**Goal of the exercise**
Please output exactly the part of the records below that opens with the line containing "by rewrite /t mulrAC ltr_pdivrMr //; nra." and closes with the line containing "Proof. by move=>", both lines included, and nothing else.

-------- Source material

Lemma sqnorm_le0 {p} (w : 'rV[R]_p) : sqnorm w <= 0 -> w = 0.
Proof.
move=> w_le0; apply/rowP => i; rewrite mxE; apply/eqP.
rewrite -[_ == 0]orbb -mulf_eq0 eq_le -expr2 sqr_ge0 andbT.
by rewrite expr2 (le_trans (sqr_coord_le_sqnorm w i)).
Qed.

Lemma continuous_sum {T : topologicalType} {p} (f : 'I_p -> T -> R) :
  (forall i, continuous (f i)) -> continuous (fun v => \sum_i f i v).
Proof.
move=> fc; rewrite -fct_sumE.
elim/big_ind: _ => //; first by move=> x; apply: cst_continuous.
by move=> g h gc hc x; exact: (continuousD (gc x) (hc x)).
Qed.

Lemma continuous_dotvr {p} (c : 'rV[R]_p) : continuous (dotv c).
Proof.
apply: continuous_sum => i x.
exact: (continuousM (@cst_continuous _ _ (c ord0 i) x) (@coord_continuous R 1 p ord0 i x)).
Qed.

Lemma continuous_dotvl {p} (v : 'rV[R]_p) : continuous (fun c => dotv c v).
Proof.
by rewrite (_ : (fun c => dotv c v) = dotv v); [|apply/funext => c; exact: dotvC];
  exact: continuous_dotvr.
Qed.

Lemma continuous_sqnorm {p} : continuous (@sqnorm R p).
Proof.
apply: continuous_sum => i x.
exact: (continuousM (@coord_continuous R 1 p ord0 i x) (@coord_continuous R 1 p ord0 i x)).
Qed.

End InnerProduct.

Lemma nonpos_of_quadratic_bound {R : realType} (a s : R) : 0 <= s ->
  (forall t, 0 < t -> t <= 1 -> 2 * t * a <= t * t * s) -> a <= 0.
Proof.
move=> s_ge0 h; rewrite leNgt; apply/negP => a_gt0.
have sa_gt0 : 0 < s + a by rewrite ltr_wpDl.
pose t := a / (s + a).
have t_gt0 : 0 < t by rewrite divr_gt0.
have t_le1 : t <= 1 by rewrite ler_pdivrMr // mul1r lerDr.
have := h t t_gt0 t_le1.
have -> : 2 * t * a = t * (2 * a) by ring.
have -> : t * t * s = t * (t * s) by ring.
rewrite ler_pM2l // leNgt => /negP; apply.
by rewrite /t mulrAC ltr_pdivrMr //; nra.
Qed.

Section Cones.
Context {R : realType} {p : nat}.
Implicit Types (K A : set 'rV[R]_p) (v : 'rV[R]_p).

Lemma cone0 {K} : is_cone K -> K !=set0 -> K 0.
Proof. by move=> Kcone [y Ky]; rewrite -(scale0r y); apply: Kcone. Qed.

Lemma cone_add {K a b} : is_cone K -> convex_set_ K -> K a -> K b -> K (a + b).
Proof.
move=> Kcone Kcvx Ka Kb.
have half_ge0 : (0 : R) <= 2^-1 by rewrite invr_ge0 ler0n.
have half_le1 : (2 : R)^-1 <= 1 by rewrite invf_le1 ?ltr0n // ler1n.
have -> : a + b = 2 *: (2^-1 *: a + (1 - 2^-1) *: b).
  by apply/rowP => i; rewrite !mxE; field.
exact: Kcone (ler0n _ 2) (Kcvx a b 2^-1 Ka Kb half_ge0 half_le1).
Qed.

Lemma bounded_sqnorm_sublevel v S : bounded_set [set y | sqnorm (v - y) <= S].
Proof.
have abs_le (w : R) : `|w| <= w * w + 1.
  have [w_le1|w_gt1] := lerP `|w| 1.
    by apply: le_trans w_le1 _; rewrite lerDr -expr2 sqr_ge0.
  have sq_abs : `|w| * `|w| = w * w by rewrite -normrM ger0_norm // -expr2 sqr_ge0.
  rewrite -sq_abs; nra.
rewrite /bounded_set /= /bounded_near.
near=> M => y /= vyS.
have hM : `|S| + `|S| + 2 + 2 * sqnorm v <= M.
  by near: M; apply: nbhs_pinfty_ge; rewrite num_real.
rewrite [leLHS]/Num.norm /= mx_normrE; apply: bigmax_le => [|[i j] _] /=.
  by apply: le_trans hM; have := sqnorm_ge0 v; have := normr_ge0 S; lra.
rewrite (ord1 i) (_ : y ord0 j = v ord0 j - (v - y) ord0 j); last by rewrite !mxE; ring.
apply: le_trans (ler_normB _ _) _.
have := abs_le (v ord0 j); have := abs_le ((v - y) ord0 j).
have := sqr_coord_le_sqnorm v j; have := sqr_coord_le_sqnorm (v - y) j.
have := ler_norm S; have := normr_ge0 S; have := sqnorm_ge0 v; lra.
Unshelve. all: end_near.
Qed.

----------------

**Your solution**
by rewrite /t mulrAC ltr_pdivrMr //; nra.
Qed.

Section Cones.
Context {R : realType} {p : nat}.
Implicit Types (K A : set 'rV[R]_p) (v : 'rV[R]_p).

Lemma cone0 {K} : is_cone K -> K !=set0 -> K 0.
Proof. by move=> Kcone [y Ky]; rewrite -(scale0r y); apply: Kcone. Qed.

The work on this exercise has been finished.